* [Exercise directions] Only the lines below, from the one with "Lemma linR_comb a" through the one with "p.1 e *: p.2.", are to be written out, exactly.

* [Data supplied]

(* Let $R$ be a commutative ring with unit, let $E$ be an $R$-module and $E^*=\mathrm{Hom}_R(E,R)$. Then the quasi-coherent $R$-module associated with $E^*$, i.e. the functor $B\mapsto E^*\otimes_R B$, coincides (via the canonical morphism) with the dual functor $\mathbf{E}^*$ if and only if $E$ is a projective $R$-module of finite type.
   Context: All functors are covariant functors on the category of commutative $R$-algebras. For an $R$-module $M$, $\mathbf{M}$ denotes the functor of $R$-modules $B\mapsto M\otimes_R B$ (a quasi-coherent $R$-module); $\mathbf{R}$ is $B\mapsto B$. For functors of $R$-modules $F,H$, $\mathbf{Hom}_R(F,H)$ is the functor $B\mapsto \mathrm{Hom}_B(F_{|B},H_{|B})$, where $F_{|B}$ is the restriction of $F$ to commutative $B$-algebras, and $F^*:=\mathbf{Hom}_R(F,\mathbf{R})$. Thus $\mathbf{E}^*(B)=\mathrm{Hom}_B(\mathbf{E}_{|B},\mathbf{R}_{|B})$, which is identified with $\mathrm{Hom}_R(E,B)$; the canonical morphism from $B\mapsto E^*\otimes_R B$ to $\mathbf{E}^*$ sends $w\otimes b$ to $e\mapsto w(e)b$. *)

From HB Require Import structures.
From mathcomp Require Import all_boot all_order all_algebra.
Set Implicit Arguments. Unset Strict Implicit. Unset Printing Implicit Defensive.
Import GRing.Theory.
Local Open Scope ring_scope.

Section Defs.
Variable R : comPzRingType.

Definition linR (U V : lmodType R) (f : U -> V) : Prop :=
  forall (a : R) (x y : U), f (a *: x + y) = a *: f x + f y.

Definition finite_type (E : lmodType R) : Prop :=
  exists s : seq E, forall x : E,
    exists c : 'I_(size s) -> R, x = \sum_(i < size s) c i *: s`_i.

Definition projective (E : lmodType R) : Prop :=
  forall (M N : lmodType R) (p : M -> N) (f : E -> N),
    linR p -> (forall y : N, exists x : M, p x = y) -> linR f ->
    exists h : E -> M, linR h /\ forall e : E, p (h e) = f e.

(* The canonical R-bilinear map  E^* x B -> Hom_R(E,B) = E^*(B),
   (w, b) |-> (e |-> w(e) b). *)
Definition canmap (E : lmodType R) (B : comAlgType R) (w : E -> R^o) (b : B)
  : E -> B := fun e => w e *: b.

(* The canonical morphism  E^* (x)_R B -> Hom_R(E,B)  is an isomorphism,
   i.e. (canmap) exhibits Hom_R(E,B) (the R-linear maps E -> B, with pointwise
   operations) as the tensor product E^* (x)_R B, where E^* is the set of
   R-linear maps E -> R.  Stated via the universal property of the tensor
   product: every R-bilinear map on E^* x B factors uniquely through canmap
   by an R-linear map on Hom_R(E,B). *)
Definition canonical_iso (E : lmodType R) (B : comAlgType R) : Prop :=
  forall (M : lmodType R) (f : (E -> R^o) -> B -> M),
    (forall (a : R) (w w' : E -> R^o) (b : B), linR w -> linR w' ->
        f (fun e => a *: w e + w' e) b = a *: f w b + f w' b) ->
    (forall (a : R) (w : E -> R^o) (b b' : B), linR w ->
        f w (a *: b + b') = a *: f w b + f w b') ->
    (exists g : (E -> B) -> M,
        (forall (a : R) (h h' : E -> B), linR h -> linR h' ->
            g (fun e => a *: h e + h' e) = a *: g h + g h') /\
        (forall (w : E -> R^o) (b : B), linR w -> g (canmap w b) = f w b)) /\
    (forall g1 g2 : (E -> B) -> M,
        (forall (a : R) (h h' : E -> B), linR h -> linR h' ->
            g1 (fun e => a *: h e + h' e) = a *: g1 h + g1 h') ->
        (forall (a : R) (h h' : E -> B), linR h -> linR h' ->
            g2 (fun e => a *: h e + h' e) = a *: g2 h + g2 h') ->
        (forall (w : E -> R^o) (b : B), linR w -> g1 (canmap w b) = f w b) ->
        (forall (w : E -> R^o) (b : B), linR w -> g2 (canmap w b) = f w b) ->
        forall h : E -> B, linR h -> g1 h = g2 h).

End Defs.

From HB Require Import structures.
From mathcomp Require Import all_boot all_order all_algebra.
From mathcomp Require Import boolp functions.
Import GRing.Theory.
Local Open Scope ring_scope.

(* Both sides amount to the existence of a finite dual basis (w_i, x_i) of E,
   i.e. e = sum_i w_i(e) x_i with w_i in E^*.  Given one, every R-linear
   h : E -> B is sum_i canmap w_i (h x_i), and every w in E^* is
   sum_i w(x_i) w_i, which yields the universal property.  Conversely, let S be
   the submodule of Hom_R(E,B) spanned by the canmap w b: factoring the canmap's
   through S gives g : Hom_R(E,B) -> S, and uniqueness for Hom_R(E,B) itself
   forces val \o g = id, so S is all of Hom_R(E,B).  For the square-zero
   extension B = R + E, expressing e |-> (0, e) as an element of S yields a dual
   basis. *)

Section Linearity.
Context {R : comPzRingType} {U W : lmodType R}.

Lemma linR_zero : linR (0 : U -> W).
Proof. by move=> a x y /=; rewrite scaler0 addr0. Qed.

Definition linR_linear {f : U -> W} (fL : linR f) : {linear U -> W} :=
  HB.pack_for {linear U -> W} f (GRing.isLinear.Build R U W *:%R f fL).

Lemma linRZ {f : U -> W} : linR f -> forall a x, f (a *: x) = a *: f x.
Proof. by move=> fL a x; have := linearZ_LR (linR_linear fL) a x. Qed.

Lemma linR_sum {f : U -> W} : linR f -> forall I (r : seq I) (F : I -> U),
  f (\sum_(i <- r) F i) = \sum_(i <- r) f (F i).
Proof. by move=> fL I r F; exact: (raddf_sum (linR_linear fL)). Qed.

Lemma linR_sum_fun (I : eqType) (r : seq I) (F : I -> U -> W) :
  {in r, forall i, linR (F i)} -> linR (\sum_(i <- r) F i).
Proof.
move=> FL a x y; rewrite !fct_sumE scaler_sumr -big_split /=.
by apply: eq_big_seq => i ri; rewrite FL.
Qed.

Lemma linR_scale_fun a (h : U -> W) : linR h -> linR (a *: h).
Proof. by move=> hL b x y; rewrite !scalrfctE hL scalerDr !scalerA mulrC. Qed.

Lemma linR_comb a (f g : U -> W) : linR f -> linR g -> linR (a *: f + g).
Proof.
move=> fL gL b x y; rewrite !(addrfctE, scalrfctE) fL gL !scalerDr !scalerA.
by rewrite (mulrC a) addrACA.
Qed.

End Linearity.

Section DualBasis.
Context {R : comPzRingType} {E : lmodType R}.

Definition dual_basis (t : seq ((E -> R^o) * E)) : Prop :=
  {in t, forall p, linR p.1} /\ forall e, e = \sum_(p <- t) p.1 e *: p.2.

Lemma dual_basis_finite_type t : dual_basis t -> finite_type E.
Proof.
move=> [_ tE]; exists [seq p.2 | p <- t] => e; rewrite size_map.
pose p0 : (E -> R^o) * E := (fun=> 0, 0).
exists (fun i => (nth p0 t i).1 e); rewrite {1}[e]tE (big_nth p0) big_mkord.
by apply: eq_bigr => i _; rewrite (nth_map p0).
Qed.

Lemma dual_basis_projective t : dual_basis t -> projective E.
Proof.
move=> [tL tE] M N q f qL q_surj fL.
pose lift x := projT1 (cid (q_surj (f x))).
exists (fun e => \sum_(p <- t) p.1 e *: lift p.2); split.
  move=> a x y; rewrite scaler_sumr -big_split /=; apply: eq_big_seq => p pt.
  by rewrite tL // scalerDl scalerA.
move=> e; rewrite (linR_sum qL) [in RHS](tE e) (linR_sum fL).
by apply: eq_bigr => p _; rewrite !(linRZ qL, linRZ fL) (projT2 (cid (q_surj _))).
Qed.

Lemma finite_projective_dual_basis :
  finite_type E -> projective E -> exists t, dual_basis t.
Proof.
move=> [s sE] Eproj; pose n := size s.
pose comb (c : 'rV[R]_n) : E := \sum_(i < n) c 0 i *: s`_i.
have combL : linR comb.
  move=> a c c'; rewrite /comb scaler_sumr -big_split /=; apply: eq_bigr => i _.
  by rewrite !mxE scalerDl scalerA.
have comb_surj y : exists c, comb c = y.
  by have [c ->] := sE y; exists (\row_i c i); apply: eq_bigr => i _; rewrite mxE.
have [sec [secL combK]] := Eproj _ _ comb id combL comb_surj (fun _ _ _ => erefl).
exists [seq ((fun e => sec e 0 i : R^o), s`_i) | i <- enum 'I_n]; split.
  by move=> _ /mapP[i _ ->] a x y /=; rewrite secL !mxE.
by move=> e; rewrite big_map big_enum /= -[LHS]combK.
Qed.

End DualBasis.

Section HomLinear.
Context {R : comPzRingType} {E U M : lmodType R}.

Definition linear_on_hom (g : (E -> U) -> M) : Prop :=
  forall a h h', linR h -> linR h' -> g (a *: h + h') = a *: g h + g h'.

Context {g : (E -> U) -> M} (gL : linear_on_hom g).

Lemma linear_on_hom0 : g 0 = 0.
Proof.
have := gL 1 0 0 linR_zero linR_zero; rewrite !scale1r addr0 -{1}[g 0]addr0.
by move/addrI.
Qed.

Lemma linear_on_homZ {h} : linR h -> forall a, g (a *: h) = a *: g h.
Proof.
by move=> hL a; rewrite -[a *: h]addr0 gL ?linear_on_hom0 ?addr0 //; exact: linR_zero.
Qed.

* [Solution]
Lemma linR_comb a (f g : U -> W) : linR f -> linR g -> linR (a *: f + g).
Proof.
move=> fL gL b x y; rewrite !(addrfctE, scalrfctE) fL gL !scalerDr !scalerA.
by rewrite (mulrC a) addrACA.
Qed.

End Linearity.

Section DualBasis.
Context {R : comPzRingType} {E : lmodType R}.

Definition dual_basis (t : seq ((E -> R^o) * E)) : Prop :=
  {in t, forall p, linR p.1} /\ forall e, e = \sum_(p <- t) p.1 e *: p.2.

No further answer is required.